**Task details**
After locating "0, 1 | 1, 0 => p" in the listing below, copy that line and each one after it exactly, ending with the line that has "move=> FB no_pairs /=; set Ut := U e B F t.".
━━━ Raw data ━━━
(* For every graph $G$, $\operatorname{th}_{\operatorname{H}}(G)=|V(G)|$ if and only if $G$ contains none of $2K_2$, $K_2\cup\overline{K_2}$, $\overline{K_4}$ as an induced subgraph.
   Context: All graphs are finite, simple and undirected; $2K_2$ is two disjoint edges, $K_2\cup\overline{K_2}$ is an edge plus two isolated vertices, and $\overline{K_4}$ is four isolated vertices. Hopping color change rule: a blue vertex $v$ may force a white vertex $w$ to become blue if $v$ has not previously performed a force and every neighbor of $v$ is blue. For an initial blue set $B$, a chronological list of forces of $B$ is a sequence of such forces applied one at a time until no further force is possible; its underlying unordered set is a set of forces of $B$. $B$ is a hopping forcing set if some chronological list of forces of $B$ turns all vertices blue. For a set of forces $\mathcal F$ of $B$, let $\mathcal F^{(0)}=B$ and for $t\geq1$ let $\mathcal F^{(t)}$ be the set of vertices $w\notin U_{t-1}:=\bigcup_{i=0}^{t-1}\mathcal F^{(i)}$ for which there is $(v\to w)\in\mathcal F$ with $v\in U_{t-1}$ and all neighbors of $v$ in $U_{t-1}$. $\operatorname{pt}_{\operatorname{H}}(G;\mathcal F)$ is the least $t$ with $\bigcup_{i=0}^t\mathcal F^{(i)}=V(G)$ ($\infty$ if none); $\operatorname{pt}_{\operatorname{H}}(G;B)$ is the minimum over sets of forces $\mathcal F$ of $B$ ($\infty$ if $B$ is not a hopping forcing set). $\operatorname{th}_{\operatorname{H}}(G)=\min_{B\subseteq V(G)}\big(|B|+\operatorname{pt}_{\operatorname{H}}(G;B)\big)$. *)

From mathcomp Require Import all_boot.
From Stdlib Require Import ClassicalEpsilon.
Set Implicit Arguments. Unset Strict Implicit. Unset Printing Implicit Defensive.

(* A finite simple graph: vertex type T : finType, adjacency e : rel T
   (symmetry/irreflexivity are hypotheses of the theorem). *)

Section Hopping.
Variables (T : finType) (e : rel T).

Definition can_force (blue used : {set T}) (v w : T) : bool :=
  [&& v \in blue, v \notin used, w \notin blue & [forall u, e v u ==> (u \in blue)]].

Fixpoint chron_list (blue used : {set T}) (s : seq (T * T)) : bool :=
  match s with
  | [::] => ~~ [exists v, exists w, can_force blue used v w]
  | (v, w) :: s' => can_force blue used v w && chron_list (w |: blue) (v |: used) s'
  end.

Definition is_chron_list (B : {set T}) (s : seq (T * T)) : bool := chron_list B set0 s.

Definition is_set_of_forces (B : {set T}) (F : {set T * T}) : Prop :=
  exists s, is_chron_list B s /\ F = [set x in s].

Definition hopping_forcing_set (B : {set T}) : Prop :=
  exists s, is_chron_list B s /\ B :|: [set x.2 | x in s] = [set: T].

(* U B F t = \bigcup_{i=0}^t F^(i) *)
Fixpoint U (B : {set T}) (F : {set T * T}) (t : nat) : {set T} :=
  match t with
  | 0 => B
  | t'.+1 => let Ut := U B F t' in
      Ut :|: [set w | (w \notin Ut) &&
                [exists v, [&& (v, w) \in F, v \in Ut & [forall u, e v u ==> (u \in Ut)]]]]
  end.

(* k = |B| + t for some B, some set of forces F of B, and t with
   \bigcup_{i<=t} F^(i) = V.  The minimum of such k is
   min_B (|B| + min_F (least t ...)) = th_H(G). *)
Definition th_achievable (k : nat) : Prop :=
  exists (B : {set T}) (F : {set T * T}) (t : nat),
    is_set_of_forces B F /\ U B F t = [set: T] /\ k = #|B| + t.

Definition th_achievableb (k : nat) : bool :=
  if excluded_middle_informative (th_achievable k) then true else false.

Lemma th_achievable_exists : exists k, th_achievableb k.
Proof.
exists (#|[set: T]| + 0); rewrite /th_achievableb.
case: excluded_middle_informative => // [[]].
exists [set: T], set0, 0; split; last by [].
exists [::]; split; last by apply/setP=> x; rewrite !inE.
rewrite /is_chron_list /=; apply/negP=> /existsP[v /existsP[w]].
by case/and4P=> _ _; rewrite inE.
Qed.

Definition th_H : nat := ex_minn th_achievable_exists.

Definition has_induced (H : rel 'I_4) : Prop :=
  exists f : 'I_4 -> T, injective f /\ forall x y, e (f x) (f y) = H x y.

End Hopping.

Definition twoK2 : rel 'I_4 := fun x y =>
  [|| (val x, val y) == (0, 1), (val x, val y) == (1, 0),
      (val x, val y) == (2, 3) | (val x, val y) == (3, 2)].

Definition K2_coK2 : rel 'I_4 := fun x y =>
  ((val x, val y) == (0, 1)) || ((val x, val y) == (1, 0)).

Definition coK4 : rel 'I_4 := fun _ _ => false.

From mathcomp Require Import all_boot.
From Stdlib Require Import ClassicalEpsilon.
Set Implicit Arguments. Unset Strict Implicit. Unset Printing Implicit Defensive.

(** The obstruction common to $2K_2$, $K_2\cup\overline{K_2}$ and
    $\overline{K_4}$ is a pair of disjoint pairs {a, b}, {c, d} with no edge
    between them.  Given one, start from V \ {c, d}: a forces c and b forces d
    in the same round, so th_H <= (n - 2) + 1.  Without one, two vertices
    forced in the same round by distinct forcers v1, v2 (each vertex forces at
    most once) would give such pairs {v1, v2}, {w1, w2}, since all neighbours
    of v_i are already blue while w1, w2 are not; hence every round adds at
    most one vertex and |B| + t >= n whenever round t finishes. *)

Definition two_pairs (p q : bool) : rel 'I_4 := fun x y =>
  match val x, val y with
  | 0, 1 | 1, 0 => p
  | 2, 3 | 3, 2 => q
  | _, _ => false
  end.

Lemma twoK2E : twoK2 =2 two_pairs true true.
Proof. by do 2![case=> [[|[|[|[|i]]]] //= ?]]. Qed.

Lemma K2_coK2E : K2_coK2 =2 two_pairs true false.
Proof. by do 2![case=> [[|[|[|[|i]]]] //= ?]]. Qed.

Lemma coK4E : coK4 =2 two_pairs false false.
Proof. by do 2![case=> [[|[|[|[|i]]]] //= ?]]. Qed.

Section Hopping.
Variables (T : finType) (e : rel T).

Definition anticomplete_pairs : Prop := exists a b c d : T,
  [/\ uniq [:: a; b; c; d], ~~ e a c, ~~ e a d, ~~ e b c & ~~ e b d].

Lemma chron_list_fresh_forcers blue used s :
  chron_list e blue used s -> all (fun x => x.1 \notin used) s && uniq (map fst s).
Proof.
elim: s blue used => [|[v w] s IHs] blue used //=.
case/andP=> /and4P[_ v_unused _ _] /IHs /andP[/allP s_fresh ->].
rewrite v_unused andbT; apply/andP; split.
- by apply/allP=> x /s_fresh; rewrite in_setU1 negb_or => /andP[].
- by apply/mapP=> -[x /s_fresh + v_eq]; rewrite -v_eq in_setU1 eqxx.
Qed.

Lemma set_of_forces_functional B F v w1 w2 :
  is_set_of_forces e B F -> (v, w1) \in F -> (v, w2) \in F -> w1 = w2.
Proof.
case=> s [/chron_list_fresh_forcers/andP[_ uniq_s] ->]; rewrite !inE.
elim: s uniq_s => [|[a b] s IHs] //= /andP[a_notin uniq_s]; rewrite !in_cons.
case/orP=> [/eqP[va ->]|vw1_s]; case/orP=> [/eqP[va' ->]|vw2_s] //.
- by case/negP: a_notin; rewrite -va (map_f fst vw2_s).
- by case/negP: a_notin; rewrite -va' (map_f fst vw1_s).
- exact: IHs.
Qed.

Lemma card_U_succ B F t : is_set_of_forces e B F -> ~ anticomplete_pairs ->
  #|U e B F t.+1| <= #|U e B F t|.+1.
Proof.
move=> FB no_pairs /=; set Ut := U e B F t.
rewrite cardsU -addn1 (leq_trans (leq_subr _ _)) // leq_add2l leqNgt.
apply/negP=> /card_gt1P[w1 [w2 [+ + w12]]]; rewrite !inE.
move=> /andP[w1_new /existsP[v1 /and3P[F1 v1_blue v1_nbhd]]].
move=> /andP[w2_new /existsP[v2 /and3P[F2 v2_blue v2_nbhd]]].
have blue_neq v w : v \in Ut -> w \notin Ut -> v != w.
  by move=> v_blue; apply: contra => /eqP <-.
have nonadj v w : [forall (u | e v u), u \in Ut] -> w \notin Ut -> ~~ e v w.
  by move=> /forall_inP v_nbhd; apply: contra => /v_nbhd.
have v12 : v1 != v2.
  apply: contraNneq w12 => v12; rewrite v12 in F1.
  exact/eqP/(set_of_forces_functional FB F1).
apply: no_pairs; exists v1, v2, w1, w2.
by rewrite /= !inE !negb_or v12 w12 !blue_neq //; split=> //; apply: nonadj.
Qed.

Lemma card_U_le B F t : is_set_of_forces e B F -> ~ anticomplete_pairs ->
  #|U e B F t| <= #|B| + t.
Proof.
move=> FB no_pairs; elim: t => [|t IHt]; first by rewrite addn0.
by rewrite addnS (leq_trans (card_U_succ t FB no_pairs)).
Qed.

Lemma th_H_le k : th_achievable e k -> th_H e <= k.
Proof.
move=> ach_k; rewrite /th_H; case: ex_minnP => m _; apply.
by rewrite /th_achievableb; case: excluded_middle_informative.
Qed.

Lemma th_H_achievable : th_achievable e (th_H e).
Proof.
rewrite /th_H; case: ex_minnP => m.
by rewrite /th_achievableb; case: excluded_middle_informative.
Qed.

Lemma no_force_from_full used : ~~ [exists v, exists w, can_force e [set: T] used v w].
Proof. by apply/existsP=> -[v /existsP[w /and4P[_ _]]]; rewrite inE. Qed.

Lemma th_achievable_card : th_achievable e #|T|.
Proof.
exists [set: T], set0, 0; split; last by rewrite cardsT addn0.
by exists [::]; split; [exact: no_force_from_full | apply/setP=> x; rewrite !inE].
Qed.

Lemma card_le_th_H : ~ anticomplete_pairs -> #|T| <= th_H e.
Proof.
move=> no_pairs; have [B [F [t [FB [U_full ->]]]]] := th_H_achievable.
by rewrite -cardsT -U_full card_U_le.
Qed.

Lemma anticomplete_pairs_th_H_lt : anticomplete_pairs -> th_H e < #|T|.
Proof.
move=> [a [b [c [d [abcd eac ead ebc ebd]]]]].
move: abcd; rewrite /= !inE !negb_or => /and4P[/and3P[ab ac ad] /andP[bc bd] cd _].
set B := [set: T] :\ c :\ d.
have inB u : (u \in B) = (u != d) && (u != c) by rewrite !inE andbT.
have nbhd_B v : ~~ e v c -> ~~ e v d -> [forall (u | e v u), u \in B].
  move=> vc vd; apply/forall_inP=> u vu; rewrite inB.
  by apply/andP; split; apply/eqP=> uE; [move: vd | move: vc]; rewrite -uE vu.
have B_full : d |: (c |: B) = [set: T].
  by apply/setP=> u; rewrite !inE; case: eqP; case: eqP.
have card_B : #|T| = #|B| + 2.
  rewrite -cardsT (cardsD1 c) (cardsD1 d ([set: T] :\ c)) !inE (eq_sym d) cd.
  by rewrite addnA addnC.
rewrite card_B (@leq_ltn_trans (#|B| + 1)) ?ltn_add2l //; apply: th_H_le.
exists B, [set x in [:: (a, c); (b, d)]], 1; split; last split => //.
- exists [:: (a, c); (b, d)]; split => //.
  rewrite /is_chron_list /= B_full no_force_from_full andbT /can_force.
  rewrite !inB !inE ad ac bd bc !eqxx /= !orbF !orbT !andbF.
  rewrite (eq_sym b a) ab (eq_sym d c) cd nbhd_B //=.
  apply/forall_inP=> u /(forall_inP (nbhd_B b ebc ebd)) uB.
  by rewrite inE uB orbT.
- apply/setP=> w; rewrite /= in_setT in_setU inE.
  case: (boolP (w \in B)) => //= wB; apply/existsP.
  move: wB; rewrite inB negb_and !negbK => /orP[/eqP-> | /eqP->].
  + by exists b; rewrite !inE eqxx orbT bd bc nbhd_B.
  + by exists a; rewrite !inE eqxx ad ac nbhd_B.
Qed.

Lemma has_induced_eq (H H' : rel 'I_4) :
  H =2 H' -> has_induced e H -> has_induced e H'.
Proof. by move=> eqH [f [f_inj f_e]]; exists f; split=> // x y; rewrite f_e eqH. Qed.

Lemma anticomplete_pairs_of_induced p q :
  has_induced e (two_pairs p q) -> anticomplete_pairs.
Proof.
case=> f [f_inj f_e].
exists (f (inord 0)), (f (inord 1)), (f (inord 2)), (f (inord 3)).
by rewrite !f_e /two_pairs /= !inE !(inj_eq f_inj) -!val_eqE /= !inordK.
Qed.

Section Symmetric.
Hypotheses (e_sym : symmetric e) (e_irr : irreflexive e).

Lemma has_induced_quadruple a b c d :
  uniq [:: a; b; c; d] -> ~~ e a c -> ~~ e a d -> ~~ e b c -> ~~ e b d ->
  has_induced e (two_pairs (e a b) (e c d)).
Proof.
move=> abcd /negPf eac /negPf ead /negPf ebc /negPf ebd.
exists (fun i : 'I_4 => nth a [:: a; b; c; d] i); split.
  by move=> x y /eqP; rewrite nth_uniq // => /eqP /val_inj.
by do 2![case=> [[|[|[|[|i]]]] //= ?]];
  rewrite ?e_irr // (e_sym b a, e_sym c a, e_sym d a, e_sym c b, e_sym d b, e_sym d c).
Qed.

Lemma forbidden_of_anticomplete_pairs : anticomplete_pairs ->
  has_induced e twoK2 \/ has_induced e K2_coK2 \/ has_induced e coK4.
Proof.
case=> a [b [c [d [abcd eac ead ebc ebd]]]].
wlog cd_ab : a b c d abcd eac ead ebc ebd / e c d ==> e a b.
  move=> main; case: (boolP (e c d ==> e a b)); first exact: main.
  rewrite negb_imply => /andP[ecd _]; apply: (main c d a b); rewrite 1?e_sym //.
  - by rewrite -(rot_uniq 2).
  - by rewrite ecd implybT.
have := has_induced_quadruple abcd eac ead ebc ebd.
case: (e a b) cd_ab; case: (e c d) => // _ ind.
- by left; apply: (has_induced_eq _ ind) => x y; rewrite twoK2E.
- by right; left; apply: (has_induced_eq _ ind) => x y; rewrite K2_coK2E.
- by right; right; apply: (has_induced_eq _ ind) => x y; rewrite coK4E.
Qed.

End Symmetric.

Lemma anticomplete_pairs_of_forbidden :
  has_induced e twoK2 \/ has_induced e K2_coK2 \/ has_induced e coK4 ->
  anticomplete_pairs.
Proof.
case=> [/(has_induced_eq twoK2E) |
        [/(has_induced_eq K2_coK2E) | /(has_induced_eq coK4E)]];
  exact: anticomplete_pairs_of_induced.
Qed.

End Hopping.

Theorem mainTheorem16 (T : finType) (e : rel T)
  (e_sym : symmetric e) (e_irr : irreflexive e) :
  th_H e = #|T| <->
  ~ (has_induced e twoK2 \/ has_induced e K2_coK2 \/ has_induced e coK4).
Proof.
split=> [th_card /anticomplete_pairs_of_forbidden | no_forbidden].
  by move/anticomplete_pairs_th_H_lt; rewrite th_card ltnn.
apply/eqP; rewrite eqn_leq (th_H_le (th_achievable_card e)) /=.
by apply: card_le_th_H => /(forbidden_of_anticomplete_pairs e_sym e_irr).
Qed.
━━━
**Answer to the exercise**
  | 0, 1 | 1, 0 => p
  | 2, 3 | 3, 2 => q
  | _, _ => false
  end.

Lemma twoK2E : twoK2 =2 two_pairs true true.
Proof. by do 2![case=> [[|[|[|[|i]]]] //= ?]]. Qed.

Lemma K2_coK2E : K2_coK2 =2 two_pairs true false.
Proof. by do 2![case=> [[|[|[|[|i]]]] //= ?]]. Qed.

Lemma coK4E : coK4 =2 two_pairs false false.
Proof. by do 2![case=> [[|[|[|[|i]]]] //= ?]]. Qed.

Section Hopping.
Variables (T : finType) (e : rel T).

Definition anticomplete_pairs : Prop := exists a b c d : T,
  [/\ uniq [:: a; b; c; d], ~~ e a c, ~~ e a d, ~~ e b c & ~~ e b d].

Lemma chron_list_fresh_forcers blue used s :
  chron_list e blue used s -> all (fun x => x.1 \notin used) s && uniq (map fst s).
Proof.
elim: s blue used => [|[v w] s IHs] blue used //=.
case/andP=> /and4P[_ v_unused _ _] /IHs /andP[/allP s_fresh ->].
rewrite v_unused andbT; apply/andP; split.
- by apply/allP=> x /s_fresh; rewrite in_setU1 negb_or => /andP[].
- by apply/mapP=> -[x /s_fresh + v_eq]; rewrite -v_eq in_setU1 eqxx.
Qed.

Lemma set_of_forces_functional B F v w1 w2 :
  is_set_of_forces e B F -> (v, w1) \in F -> (v, w2) \in F -> w1 = w2.
Proof.
case=> s [/chron_list_fresh_forcers/andP[_ uniq_s] ->]; rewrite !inE.
elim: s uniq_s => [|[a b] s IHs] //= /andP[a_notin uniq_s]; rewrite !in_cons.
case/orP=> [/eqP[va ->]|vw1_s]; case/orP=> [/eqP[va' ->]|vw2_s] //.
- by case/negP: a_notin; rewrite -va (map_f fst vw2_s).
- by case/negP: a_notin; rewrite -va' (map_f fst vw1_s).
- exact: IHs.
Qed.

Lemma card_U_succ B F t : is_set_of_forces e B F -> ~ anticomplete_pairs ->
  #|U e B F t.+1| <= #|U e B F t|.+1.
Proof.
move=> FB no_pairs /=; set Ut := U e B F t.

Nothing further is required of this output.